#### WORK REQUIRED
Please set the lines down again exactly, from the top of the entries through the line that contains "Definition theta_coef (p".

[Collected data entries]
Lemma info_terms : ext_info mu ms w = sum5 info_term.
Proof.
rewrite (ext_info_E mu_prod_ge0 hw) sum_pair /sum5; apply: eq_bigr => x1 _.
apply: eq_bigr => x2 _; rewrite sum_pair; apply: eq_bigr => y1 _.
by apply: eq_bigr => y2 _; apply: eq_bigr => m _; rewrite /info_term /joint hmu.
Qed.

Lemma info_first_terms : ext_info mu1 ms w_first = sum5 info_term_first.
Proof.
rewrite (ext_info_E mu1_ge0 hw_first) -sum5_first_order; apply: eq_bigr => x1 _.
apply: eq_bigr => y1 _; apply: eq_bigr => m _.
rewrite marg_first; set L := log2 _.
rewrite /w_first mulr_sumr mulr_suml; apply: eq_bigr => x2 _.
rewrite mulr_sumr mulr_suml; apply: eq_bigr => y2 _.
by rewrite /info_term_first /joint /L /w_first mulrA.
Qed.

Lemma info_second_terms : ext_info mu2 ms_second w_second = sum5 info_term_second.
Proof.
rewrite (ext_info_E mu2_ge0 hw_second) -sum5_second_order; apply: eq_bigr => x2 _.
apply: eq_bigr => y2 _; rewrite sum_ms_second sum_pair; apply: eq_bigr => x1 _.
by apply: eq_bigr => y1 _; apply: eq_bigr => m _; rewrite w_second_code marg_second /info_term_second.
Qed.
Definition theta_coef (p : Sigma k n * 'I_k) : R :=
  a p.1 * Num.sqrt (lamstar lam p.1 * lam (val p.1 p.2)).

Lemma theta_rows (B : 'M[R]_n) (t : Sigma (n - k + 1) n) :
  theta B lam a (fun b => row (val t b) B)
  = \sum_p theta_coef p
        * ((-1) ^+ sigma p.1 * rstar_wedge B p.1 p.2 (fun b => row (val t b) B)).
Proof.
rewrite /theta; under eq_bigr => r _ do rewrite mulr_sumr.
rewrite pair_bigA; apply: eq_bigr => -[r i] _.
by rewrite [RHS]mulrCA -mulrA; congr (_ * _); rewrite /theta_coef -mulrA.
Qed.

Lemma altdot_theta (B : 'M[R]_n) : B \in unitmx ->
  altdot B (theta B lam a) (theta B lam a)
  = \sum_p \sum_q theta_coef p * theta_coef q * rngD1_gram R p q.
Proof.
move=> B_unit; rewrite /altdot.
under eq_bigr => t _ do rewrite theta_rows mulr_suml.
under eq_bigr => t _ do under eq_bigr => p _ do rewrite mulr_sumr.
rewrite exchange_big; apply: eq_bigr => p _; rewrite exchange_big; apply: eq_bigr => q _.
by rewrite -(rstar_wedge_gram p q B_unit) mulr_sumr; apply: eq_bigr => t _; rewrite mulrACA.
Qed.

Lemma sqrt_lamstar_mul r rt i j : rngD1 r i = rngD1 rt j ->
  Num.sqrt (lamstar lam r * lam (val r i)) * Num.sqrt (lamstar lam rt * lam (val rt j))
  = lamstar lam r * lam (val r i).
Proof.
by move=> eq_D; rewrite !lamstar_mul eq_D -expr2 sqr_sqrtr //; apply: prodr_ge0.
Qed.

Lemma mentry_diag r :
  a r * a r * mentry lam0 lam r r
  = lam0 * (a r ^+ 2 * lamstar lam r)
    + \sum_i \sum_j theta_coef (r, i) * theta_coef (r, j) * rngD1_gram R (r, i) (r, j).
Proof.
have diag i : \sum_j theta_coef (r, i) * theta_coef (r, j) * rngD1_gram R (r, i) (r, j)
    = a r ^+ 2 * (lamstar lam r * lam (val r i)).
  rewrite (bigD1 i) //= big1 ?addr0 => [|j ne_ji]; last first.
    by rewrite /rngD1_gram /= eq_rngD1 eq_sym (negbTE ne_ji) !mulr0.
  by rewrite /theta_coef /rngD1_gram /= eqxx signr_addnn !mulr1 mulrACA sqrt_lamstar_mul.
rewrite /mentry eqxx (eq_bigr _ (fun i _ => diag i)) -!mulr_sumr; ring.
Qed.

Lemma mentry_offdiag r rt : r != rt ->
  a r * a rt * mentry lam0 lam r rt
  = \sum_i \sum_j theta_coef (r, i) * theta_coef (rt, j) * rngD1_gram R (r, i) (rt, j).
Proof.
move=> ne_r; rewrite /mentry (negbTE ne_r) pair_bigA /=.
have gram_exchanges st :
    rngD1_gram R (r, st.1) (rt, st.2) = (-1) ^+ (st.1 + st.2) * (exchanges r rt st)%:R.
  by case: st => s t; rewrite /rngD1_gram /= rngD1_exchanges.
under eq_bigr => st _ do rewrite gram_exchanges.
case: pickP => [st ex_st|no_ex]; last first.
  by rewrite mulr0 big1 // => st _; rewrite (no_ex st : exchanges r rt st = false) !mulr0.
have {}ex_st : exchanges r rt st := ex_st.
rewrite (bigD1 st) //= big1 ?addr0 => [|st' ne_st]; last first.
  suff -> : exchanges r rt st' = false by rewrite !mulr0.
  by apply: contraNF ne_st => ex_st'; rewrite (exchanges_uniq ex_st' ex_st).
have eq_D : rngD1 r st.1 = rngD1 rt st.2.
  by apply/eqP; rewrite rngD1_exchanges //; case: st ex_st.
rewrite ex_st mulr1 /theta_coef.
rewrite -[(r, _).1]/r -[(rt, _).1]/rt -[(r, _).2]/st.1 -[(rt, _).2]/st.2.
by rewrite [in RHS]mulrACA sqrt_lamstar_mul //; ring.
Qed.

Lemma mentry_row r :
  \sum_rt a r * a rt * mentry lam0 lam r rt
  = lam0 * (a r ^+ 2 * lamstar lam r)
    + \sum_rt \sum_i \sum_j
        theta_coef (r, i) * theta_coef (rt, j) * rngD1_gram R (r, i) (rt, j).
Proof.
rewrite (bigD1 r) //= [in RHS](bigD1 r) //= mentry_diag addrA; congr (_ + _).
by apply: eq_bigr => rt ne_rt; rewrite mentry_offdiag // eq_sym.
Qed.

Lemma mentry_quadratic_form :
  \sum_r \sum_rt a r * a rt * mentry lam0 lam r rt
  = lam0 * \sum_r a r ^+ 2 * lamstar lam r
    + \sum_p \sum_q theta_coef p * theta_coef q * rngD1_gram R p q.
Proof.
rewrite (eq_bigr _ (fun r _ => mentry_row r)) big_split /= -mulr_sumr; congr (_ + _).
under eq_bigr => r _ do rewrite exchange_big /=.
under eq_bigr => r _ do under eq_bigr => i _ do rewrite pair_bigA /=.
by rewrite pair_bigA; apply: eq_bigr => -[r i] _; apply: eq_bigr => -[rt j] _.
Qed.

End QuadraticForm.

Theorem lemma3p7 (R : rcfType) (n k : nat) (hk1 : (1 <= k)%N) (hkn : (k <= n)%N)
  (a : Sigma k n -> R) (lam0 : R) (lam : 'I_n -> R)
  (hlam0 : 0 <= lam0) (hlam : forall i, 0 <= lam i)
  (B : 'M[R]_n) (hB : B *m B^T = 1%:M) :
  \sum_(r : Sigma k n) \sum_(rt : Sigma k n) a r * a rt * mentry lam0 lam r rt
    = lam0 * \sum_(r : Sigma k n) a r ^+ 2 * lamstar lam r
      + altdot B (theta B lam a) (theta B lam a)
  /\ 0 <= \sum_(r : Sigma k n) \sum_(rt : Sigma k n) a r * a rt * mentry lam0 lam r rt.
Proof.
have B_unit : B \in unitmx := (mulmx1_unit hB).1.
have identity : \sum_r \sum_rt a r * a rt * mentry lam0 lam r rt
    = lam0 * \sum_r a r ^+ 2 * lamstar lam r + altdot B (theta B lam a) (theta B lam a).
  by rewrite mentry_quadratic_form // altdot_theta.
split=> //; rewrite identity addr_ge0 ?altdot_self_ge0 // mulr_ge0 // sumr_ge0 // => r _.
by rewrite mulr_ge0 ?sqr_ge0 ?lamstar_ge0.
Qed.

#### OUTPUT FOR THIS TASK
Lemma info_terms : ext_info mu ms w = sum5 info_term.
Proof.
rewrite (ext_info_E mu_prod_ge0 hw) sum_pair /sum5; apply: eq_bigr => x1 _.
apply: eq_bigr => x2 _; rewrite sum_pair; apply: eq_bigr => y1 _.
by apply: eq_bigr => y2 _; apply: eq_bigr => m _; rewrite /info_term /joint hmu.
Qed.

Lemma info_first_terms : ext_info mu1 ms w_first = sum5 info_term_first.
Proof.
rewrite (ext_info_E mu1_ge0 hw_first) -sum5_first_order; apply: eq_bigr => x1 _.
apply: eq_bigr => y1 _; apply: eq_bigr => m _.
rewrite marg_first; set L := log2 _.
rewrite /w_first mulr_sumr mulr_suml; apply: eq_bigr => x2 _.
rewrite mulr_sumr mulr_suml; apply: eq_bigr => y2 _.
by rewrite /info_term_first /joint /L /w_first mulrA.
Qed.

Lemma info_second_terms : ext_info mu2 ms_second w_second = sum5 info_term_second.
Proof.
rewrite (ext_info_E mu2_ge0 hw_second) -sum5_second_order; apply: eq_bigr => x2 _.
apply: eq_bigr => y2 _; rewrite sum_ms_second sum_pair; apply: eq_bigr => x1 _.
by apply: eq_bigr => y1 _; apply: eq_bigr => m _; rewrite w_second_code marg_second /info_term_second.
Qed.
Definition theta_coef (p : Sigma k n * 'I_k) : R :=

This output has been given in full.